My thanks to everyone who has replied and made suggestions. The difficulty however remains. DO is presented in a cause/effect sequence. “If this, then that.”
From the Sense bases to death, this is clearly the logic of the list.
But in the first four, we don’t have a sequence, and some of the content of the first four seem repeated in what follows.
It doesn’t seem as though we can attribute this to a faulty transmission of the text: the same list is given many times in the canon.
It doesn’t seem as though there was a great mystery involved, as there is with the Christian Trinity. Buddhism prides itself on going right to the point and not getting involved in elaborate metaphysics. Where there is a subtlety, the Buddha either explains it in great detail or tells us not to bother with it.

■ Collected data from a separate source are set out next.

(* Let $\hat q$ be an $n\times n$ and $\hat p$ an $m\times m$ parametric matrix, let $M$ be an $n\times m$ $(\hat q,\hat p)$-Manin matrix over $\mathfrak R$, and let $N$ be an $m\times s$ matrix over $\mathfrak R$ such that every entry $N_{ij}$ commutes with every entry $M_{kl}$. Let $I=(i_1<\dots<i_r)$ be an increasing multi-index with entries in $\{1,\dots,n\}$ and $K=(k_1,\dots,k_r)$ a multi-index with entries in $\{1,\dots,s\}$. If $r\le m$, then $$\mathrm{cdet}_{\hat q}((MN)_{IK})=\sum_J\mathrm{cdet}_{\hat q}(M_{IJ})\,\mathrm{cdet}_{\hat p}(N_{JK}),$$ the sum over all increasing multi-indices $J=(j_1<\dots<j_r)$ with entries in $\{1,\dots,m\}$; if $r>m$, then $\mathrm{cdet}_{\hat q}((MN)_{IK})=0$. In particular, if $m=n=s$, then $\mathrm{cdet}_{\hat q}(MN)=\mathrm{cdet}_{\hat q}(M)\,\mathrm{cdet}_{\hat p}(N)$.
   Context: $\mathfrak R$ is an associative unital algebra over $\mathbb C$. A parametric $n\times n$ matrix is a matrix $\hat q=(q_{ij})$ of nonzero complex numbers with $q_{ij}q_{ji}=1$, $q_{ii}=1$. An $n\times m$ matrix $M$ over $\mathfrak R$ is a $(\hat q,\hat p)$-Manin matrix if $M_{ik}M_{jk}=q_{ji}M_{jk}M_{ik}$ for $i<j$ and all $k$, and $M_{ik}M_{jl}-q_{ji}p_{kl}M_{jl}M_{ik}+p_{kl}M_{il}M_{jk}-q_{ji}M_{jk}M_{il}=0$ for $i<j$, $k<l$. For increasing $I=(i_1<\dots<i_r)$ and $\sigma\in S_r$, $\varepsilon(\hat q,I,\sigma)=\prod_{s<t,\ \sigma(s)>\sigma(t)}(-q_{i_{\sigma(s)}i_{\sigma(t)}})$. For any matrix $X$, increasing $I$ and any multi-index $J=(j_1,\dots,j_r)$, $\mathrm{cdet}_{\hat q}(X_{IJ})=\sum_{\sigma\in S_r}\varepsilon(\hat q,I,\sigma)X_{i_{\sigma(1)},j_1}\cdots X_{i_{\sigma(r)},j_r}$; $\mathrm{cdet}_{\hat q}(X)$ is the case $I=J=(1,\dots,n)$. *)

From HB Require Import structures.
From mathcomp Require Import all_boot all_order all_algebra all_fingroup.
From mathcomp Require Import complex.
From mathcomp Require Import Rstruct.
Set Implicit Arguments.
Unset Strict Implicit.
Unset Printing Implicit Defensive.
Import Order.TTheory GRing.Theory Num.Theory.
Local Open Scope ring_scope.

Definition CC : fieldType := complex Rdefinitions.R.

Definition parametric (n : nat) (q : 'M[CC]_n) : Prop :=
  [/\ forall i j, q i j != 0,
      forall i j, q i j * q j i = 1 &
      forall i, q i i = 1].

(* (q,p)-Manin matrix (indices are 0-based). *)
Definition manin (A : algType CC) (n m : nat) (q : 'M[CC]_n) (p : 'M[CC]_m)
  (M : 'M[A]_(n, m)) : Prop :=
  (forall (i j : 'I_n) (k : 'I_m), (i < j)%N ->
     M i k * M j k = q j i *: (M j k * M i k)) /\
  (forall (i j : 'I_n) (k l : 'I_m), (i < j)%N -> (k < l)%N ->
     M i k * M j l - (q j i * p k l) *: (M j l * M i k)
     + p k l *: (M i l * M j k) - q j i *: (M j k * M i l) = 0).

Definition increasing (r n : nat) (I : 'I_r -> 'I_n) : bool :=
  [forall a : 'I_r, forall b : 'I_r, (a < b)%N ==> (I a < I b)%N].

Definition eps (n r : nat) (q : 'M[CC]_n) (I : 'I_r -> 'I_n) (sigma : 'S_r) : CC :=
  \prod_(s < r) \prod_(t < r | (s < t)%N && (sigma t < sigma s)%N)
     (- q (I (sigma s)) (I (sigma t))).

Definition cdet (A : algType CC) (n k r : nat) (q : 'M[CC]_n) (X : 'M[A]_(n, k))
  (I : 'I_r -> 'I_n) (J : 'I_r -> 'I_k) : A :=
  \sum_(sigma : 'S_r) eps q I sigma *: \prod_(l < r) X (I (sigma l)) (J l).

I am led to conclude that something was there for the original listeners that was so obvious that it didn’t seem necessary to explain.
I would suggest, not as the real answer, but as a mere hypothesis of what the real answer might look like: punctuation.
Ignorance, Constructing Activities. Consciousness, Mental-Physical Being, the Senses, Contact, Craving, Clinging. Becoming, Birth, Death.
A little less concisely:
Ignorance and Constructing Activities. (The basic human condition, we choose and do without really understanding).
(Our life is made up of) Consciousness, (which is the engagement of) Mental (with) Physical Being, (which entails) the Senses, Contact, Craving, (and finally) Clinging.
(The bad beginning, decisions and actions made in Ignorance, plays out in the whole greedy business of physical and mental life. The momentum of this keeps us in the cycles of Becoming, (which entail) Birth (and), Death (over and over again.)
Just a hypothesis.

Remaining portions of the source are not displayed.